Note: We might want to replace this hash algorithm with the one we use in blobfs.

Directory chunk (Type “DIR-----”)

The directory chunk is required. Entries in the directory chunk must have unique names and the entries must be sorted by name in increasing lexicographical octet order (e.g., as compared by memcmp).

  • Concatenated directory table entries.

These entries represent the files contained in the archive.
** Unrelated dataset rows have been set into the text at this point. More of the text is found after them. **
Lemma toTH_to_op_hom c d (x : c.-tuple (sob C)) (y : d.-tuple (sob C)) (phi : Delta d c) n
    (h : fhom (fibop (Ctens C)) x y phi n) i :
  toTH (to_op_hom h i) = swapTH (toTH (h i)).
Proof. by rewrite toTH_opC toTH_castH. Qed.

Lemma to_op_hom_bij c d (x : c.-tuple (sob C)) (y : d.-tuple (sob C)) (phi : Delta d c) n :
  bijective (@to_op_hom c d x y phi n).
Proof.
exact (castH_bij n (blockob_id y)
         (fun i => etrans (tnth_mktuple _ i) (esym (blockob_op x phi i)))).
Qed.

Lemma to_op_hom_fact c d (x : c.-tuple (sob C)) (y : d.-tuple (sob C)) (phi : Delta d c) m n
    (f : Delta m n) (h : fhom (fibop (Ctens C)) x y phi n) :
  to_op_hom (fact f h) = fact f (to_op_hom h).
Proof. by apply: functional_extensionality_dep => i; rewrite /to_op_hom /= castH_sact. Qed.

Lemma to_op_hom_fid c (x : c.-tuple (sob C)) n
    (e : fhom (fibop (Ctens C)) x x (Delta_id c) n) :
  fid e <-> fid (to_op_hom e).
Proof.
have sid_id i : toTH (sid (blockob x (Delta_id c) i) n) = toTH (sid (tnth x i) n).
  by rewrite blockob_id.
split=> e_sid i; move: (e_sid i); rewrite toTH_to_op_hom toTH_opC sid_id; first by move->.
by move/(can_inj (@swapTHK _ _)).
Qed.

Lemma to_op_hom_fcompP c d e (x : c.-tuple (sob C)) (y : d.-tuple (sob C))
    (z : e.-tuple (sob C)) (psi : Delta d c) (psi' : Delta e d) n
    (tau : fhom (fibop (Ctens C)) y z psi' n) (sigma : fhom (fibop (Ctens C)) x y psi n)
    (rho : fhom (fibop (Ctens C)) x z (Delta_comp psi psi') n) :
  fcomp (to_op_hom tau) (to_op_hom sigma) (to_op_hom rho) <->
  forall i,
    compTH (tensL [seq toTH (sigma j) | j <- blockidx psi' i]) (toTH (tau i)) (toTH (rho i)).
Proof.
have swap_block i : [seq toTH (to_op_hom sigma j) | j <- blockidx psi' i] =
                    map (@swapTH C n) [seq toTH (sigma j) | j <- blockidx psi' i].
  by rewrite -map_comp; apply: eq_map => j; exact: toTH_to_op_hom.
split=> tsr i; move: (tsr i);
  by rewrite /= swap_block tensL_swapTH !toTH_to_op_hom compTH_swapTH.
Qed.

End IsoToOpposite.

Lemma fibop_Ctens_iso_op C (HC : is_strict_monoidal_sCat C) :
  iso_over (fibop (Ctens C)) (ctot (Ctens (opC C))).
Proof.
exists (fun c x => x), (fun c d x y phi n => @to_op_hom C c d x y phi n).
split; first by move=> c; exists id.
split; first by move=> *; exact: to_op_hom_bij.
split; first by move=> *; exact: to_op_hom_fact.
split; first by move=> *; exact: to_op_hom_fid.
by move=> *; rewrite fibop_fcompP // to_op_hom_fcompP.
Qed.

Theorem corollary5p9 (C : smsCat) (HC : is_strict_monoidal_sCat C) :
  well_defined (fibop (Ctens C)) /\
  iso_over (fibop (Ctens C)) (ctot (Ctens (opC C))).
Proof. by split; [exact: fibop_Ctens_well_defined | exact: fibop_Ctens_iso_op]. Qed.
(* For every pseudo-torsion class $\mathcal P\subseteq\mathcal G$, the class $\mathcal P^\perp$ is a pseudo-torsionfree class and ${}^\perp(\mathcal P^\perp)=\mathcal P$. Dually, for every pseudo-torsionfree class $\mathcal Q$, ${}^\perp\mathcal Q$ is a pseudo-torsion class and $({}^\perp\mathcal Q)^\perp=\mathcal Q$. Hence $\mathcal P\mapsto\mathcal P^\perp$ is a bijection from pseudo-torsion classes to pseudo-torsionfree classes with inverse $\mathcal Q\mapsto{}^\perp\mathcal Q$.
   Context: Let $\Lambda$ be a finite dimensional algebra over a field and $\mathrm{mod}\text-\Lambda$ the category of finitely generated right $\Lambda$-modules. Fix a torsion class $\mathcal G\subseteq\mathrm{mod}\text-\Lambda$, i.e. a class of modules closed under isomorphisms, extensions and quotients. For $B\in\mathcal G$, a subobject of $B$ is a submodule of $B$ that lies in $\mathcal G$. A subobject $A\subseteq B$ is a strict subobject if $A\cap B'\in\mathcal G$ for every subobject $B'$ of $B$. A strict quotient of $B$ is $B/A$ with $A$ a strict subobject. A short exact sequence $0\to A\to B\to C\to0$ with $A,B,C\in\mathcal G$ is strict exact (and $B$ a strict extension of $A$ by $C$) if the image of $A$ is a strict subobject of $B$. A strict morphism is a homomorphism $f:A\to B$ with $A,B\in\mathcal G$ such that $\ker f\in\mathcal G$ is a strict subobject of $A$ and $\operatorname{im} f$ is a strict subobject of $B$. A pseudo-torsion class is a nonempty class $\mathcal P\subseteq\mathcal G$ closed under strict quotients and strict extensions. A pseudo-torsionfree class is a nonempty class $\mathcal Q\subseteq\mathcal G$ closed under strict subobjects and strict extensions. For $\mathcal X\subseteq\mathcal G$, $\mathcal X^\perp$ is the class of $Y\in\mathcal G$ such that every strict morphism $X\to Y$ with $X\in\mathcal X$ is zero, and ${}^\perp\mathcal X$ is the class of $Y\in\mathcal G$ such that every strict morphism $Y\to X$ with $X\in\mathcal X$ is zero. *)

(* A finitely generated right A-module is a finite-dimensional
   F-space F^n (row vectors) with a right action v |-> v *m ract a, where
   ract : A -> 'M_n is an F-linear unital multiplicative map. *)
From HB Require Import structures.
From mathcomp Require Import all_boot all_order all_algebra all_field.
Set Implicit Arguments. Unset Strict Implicit. Unset Printing Implicit Defensive.
Import GRing.Theory.
Local Open Scope ring_scope.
Directories themselves are not represented explicitly, which means archives cannot represent empty directories.

Directory table entry

  • Name.
    • 32 bit offset from the start of the directory names chunk to the path data, in bytes.
    • 16 bit length of name, in bytes.
  • 16 bits of zeros, reserved for future use.
  • Data.
    • 64 bit offset from start of archive to the start of the content chunk, in bytes.
    • 64 bit length of the data, in bytes.
  • 64 bits of zeros, reserved for future use.

Directory hash chunk (Type “DIRHASH-”)

The directory hash chunk is optional.

  • 32 bit hash algorithm identifier.
    • Must be 1.
    • Identifies “SHA-256”.
  • 32 bit length of each hash.
    • Must be 32.
  • Concatenated octets of hashes
    • Each entry is the hash of the data in the content chunk associated with the corresponding entry in the directory table.

Directory names chunk (Type “DIRNAMES”)

The directory names chunk is required and is used by the directory chunk to name the content chunks. Path data must be sorted in increasing lexicographical octet order (e.g., as compared by memcmp).

  • Concatenated path data (no encoding specified).
  • Zero padding to next 8 byte boundary.

Note: The offsets used to index into the path data are 32 bits long, which means there is no reason to create a directory name chunk that is larger than 4 GB.

Although no encoding is specified, clients that wish to display path data using unicode may attempt to decode the data as UTF-8. The path data might or might not be UTF-8, which means that decoding might fail.

Path data

  • Octets of path.
    • Must not be empty.
    • Must not contain a 0x00 octet.
    • The leading octet must not be 0x2F (‘/’).
    • The trailing octet must not be 0x2F (‘/’).
    • Let segments be the result of splitting the path on 0x2F (‘/’). Each segment must meet the following requirements:
      • Must not be empty.
      • Must not be exactly 0x2E (‘.’)
      • Must not be exactly 0x2E 0x2E (‘..’)

Content chunk

Content chunks must be after all the chunks listed in the index chunk. The content chunks must appear in the archive in the order they are listed in the directory.

  • data

The data must be aligned on a 4096 byte boundary from the start of the archive and the data must be padded with zeros until the next 4096 byte boundary.